As many of you, my first job for pay was mowing neighbors’ yards. My brother Phil and I would start the first week after school let out, usually about June 01, asking around for jobs. We charged $2.00 for mowing and trimming a house and yard on one or two lots. The lots were 25’ wide by 100’ long and since this was always summer in Oklahoma the trimming required was minimal; flowers were pretty much hoped for only. Still, trimming with mechanical hand trimmers was a worse job than mowing so Phil and I alternated who did which.
Our business plan originated when I was 9 and he was 10. It began when Dad finally scraped up enough money to replace our ancient mechanical push mower with a power push mower. We went from one or two yards per week to 5, sometimes 6. The gasoline engine used leaded gas and the tank held one quart which was enough for one lot. We usually had to refuel at least once. Gasoline cost less that 20 cents per gallon. A 5-gallon can could be filled for 1 dollar. You can readily see how the net income ran into double digits.
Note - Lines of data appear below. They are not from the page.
Lemma quadratic_factor (K : numClosedFieldType) (a b c : K) :
  a != 0 -> b ^+ 2 - 4 * a * c != 0 ->
  exists p m : K, [/\ p != m, p + m = - b / a &
    forall x, a * x ^+ 2 + b * x + c = a * (x - p) * (x - m)].
Proof.
move=> a0 disc0; set s := sqrtC (b ^+ 2 - 4 * a * c).
have s2 : s ^+ 2 = b ^+ 2 - 4 * a * c by rewrite sqrtCK.
have s0 : s != 0 by apply: contraNneq disc0 => s0; rewrite -s2 s0 expr0n.
exists ((- b + s) / (2 * a)), ((- b - s) / (2 * a)); split.
- rewrite -subr_eq0; have -> : (- b + s) / (2 * a) - (- b - s) / (2 * a) = s / a.
    by field; rewrite a0.
  by rewrite mulf_neq0 ?invr_eq0.
- by field; rewrite a0.
- move=> x; have -> : a * (x - (- b + s) / (2 * a)) * (x - (- b - s) / (2 * a))
      = a * x ^+ 2 + b * x + (b ^+ 2 - s ^+ 2) / (4 * a) by field; rewrite a0.
  by rewrite s2; field; rewrite a0.
Qed.

Lemma Dop_Mop_cauchy_sum (K : numFieldType) (I : eqType) (r : seq I) (w a : I -> K)
    (f : K -> K) (A C p m : K) :
  (forall x, f x = \sum_(i <- r) w i / (a i - x)) ->
  p != m -> (forall i, i \in r -> a i != p /\ a i != m) ->
  A * Dop f p m - C * Mop f p m
  = \sum_(i <- r) w i * (2 * A - C * (2 * a i - p - m)) / (2 * ((a i - p) * (a i - m))).
Proof.
move=> fE pm a_pm; rewrite /Dop /Mop !fE -sumrB -big_split /=.
rewrite !mulr_suml mulr_sumr [C * _]mulr_sumr -sumrB; apply: eq_big_seq => i ri.
have [ap am] := a_pm i ri.
by field; rewrite !subr_eq0 ap am pm.
Qed.

Definition int_range (j1 j2 : int) : seq int :=
  [seq j1 + (k : nat)%:Z | k <- iota 0 (`|j2 - j1|%N).+1].

Lemma isum_int_range (K : fieldType) (j1 j2 : int) (g : int -> K) :
  isum j1 j2 g = \sum_(k <- int_range j1 j2) g k.
Proof.
by rewrite /isum big_map -(big_mkord xpredT (fun k => g (j1 + k%:Z))) /index_iota subn0.
Qed.

Lemma int_range_uniq (j1 j2 : int) : uniq (int_range j1 j2).
Proof. by rewrite map_inj_uniq ?iota_uniq // => a b /addrI []. Qed.

Lemma mem_int_range (j1 j2 k : int) :
  j1 <= j2 -> (k \in int_range j1 j2) = (j1 <= k <= j2).
Proof.
move=> j12; apply/mapP/idP => [[n] |].
  by rewrite mem_iota add0n => n_lt ->; apply/andP; split; lia.
move=> /andP[j1k kj2]; exists `|k - j1|%N; last by lia.
by rewrite mem_iota add0n; lia.
Qed.

Definition Ypoly (K : fieldType) (c : 'I_3 -> 'I_3 -> K) (i : 'I_3) : {poly K} :=
  \sum_(j < 3) c i j *: 'X^j.

Lemma horner_Ypoly (K : fieldType) (c : 'I_3 -> 'I_3 -> K) i y :
  (Ypoly c i).[y] = \sum_(j < 3) c i j * y ^+ j.
Proof.
by rewrite /Ypoly horner_sum; apply: eq_bigr => j _; rewrite hornerZ hornerXn.
Qed.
Of course, we had to be up before sunrise and load the gas can onto our wagon so we could walk it the one mile, each way, to a gas station. One problem we sometimes encountered was we would have spent all of our profits from the previous week on pop and snacks or shells for our 22 or 410 for rabbit hunting so we had to have Mr. Hamlin who owned the station front us the fuel.
This first business was pretty good but we yearned for higher goals, that is, more money and less work. So when our Mother told us a lady, Mrs. Juby, from church needed kitchen workers in her restaurant we transitioned from mowing to actual jobs, 50 cents per hour and one meal. Dad said o.k. but we still had to mow our own yard.
Mrs. Juby’s restaurant was one of those iconic small-town eateries. A few plastic covered booths along two walls and a counter down the middle with backless stools along with a menu of plate lunches, always including mashed potatoes. Phil and I had no idea how many potatoes it took to feed the luncheon crowd of one small town. Also, we were tasked with washing the huge kettles and pans the potatoes were washed and boiled in.
Everything went okay for us at first because we knew our place. Mom told us just do what Mrs. Juby said and don’t embarrass the family and Phil and I were pretty handy with paring knives due to all the squirrels and rabbits we had cleaned plus Mom had made sure we were familiar with washing pots and pans long before we got paid for it.
For a few weeks in the summer between my 6thand 7thgrade years Phil and I peeled potatoes and washed pans like the professionals we were. One thing Mom had taught us over the years was how to properly clean and peel potatoes. Most importantly, we knew all bad places, rotten parts, were to be removed. Unfortunately, Mrs. Juby saw the removal of potato parts as an attack on her profits, kind of like Phil and I might have seen the waste of a tank of gasoline.
So, one busy lunch hour we were assiduously washing pans and peeling potatoes when I came across a large spud that was mainly black and mushy. As I was eliminating about 90% of the potato Mrs. Juby burst into the kitchen with her apron flapping. Then when she saw the small remnant of potato I was contributing to the mashing pile her jaws matched her apron. “Jimmy! What are you doing? I’m not made of money you know. Is that why I have had to buy more potatoes? And you Philip! How could you let your little brother waste food like that? Well, I am going to let your Mother know about this. Finish with lunch then you don’t need to come back tomorrow!”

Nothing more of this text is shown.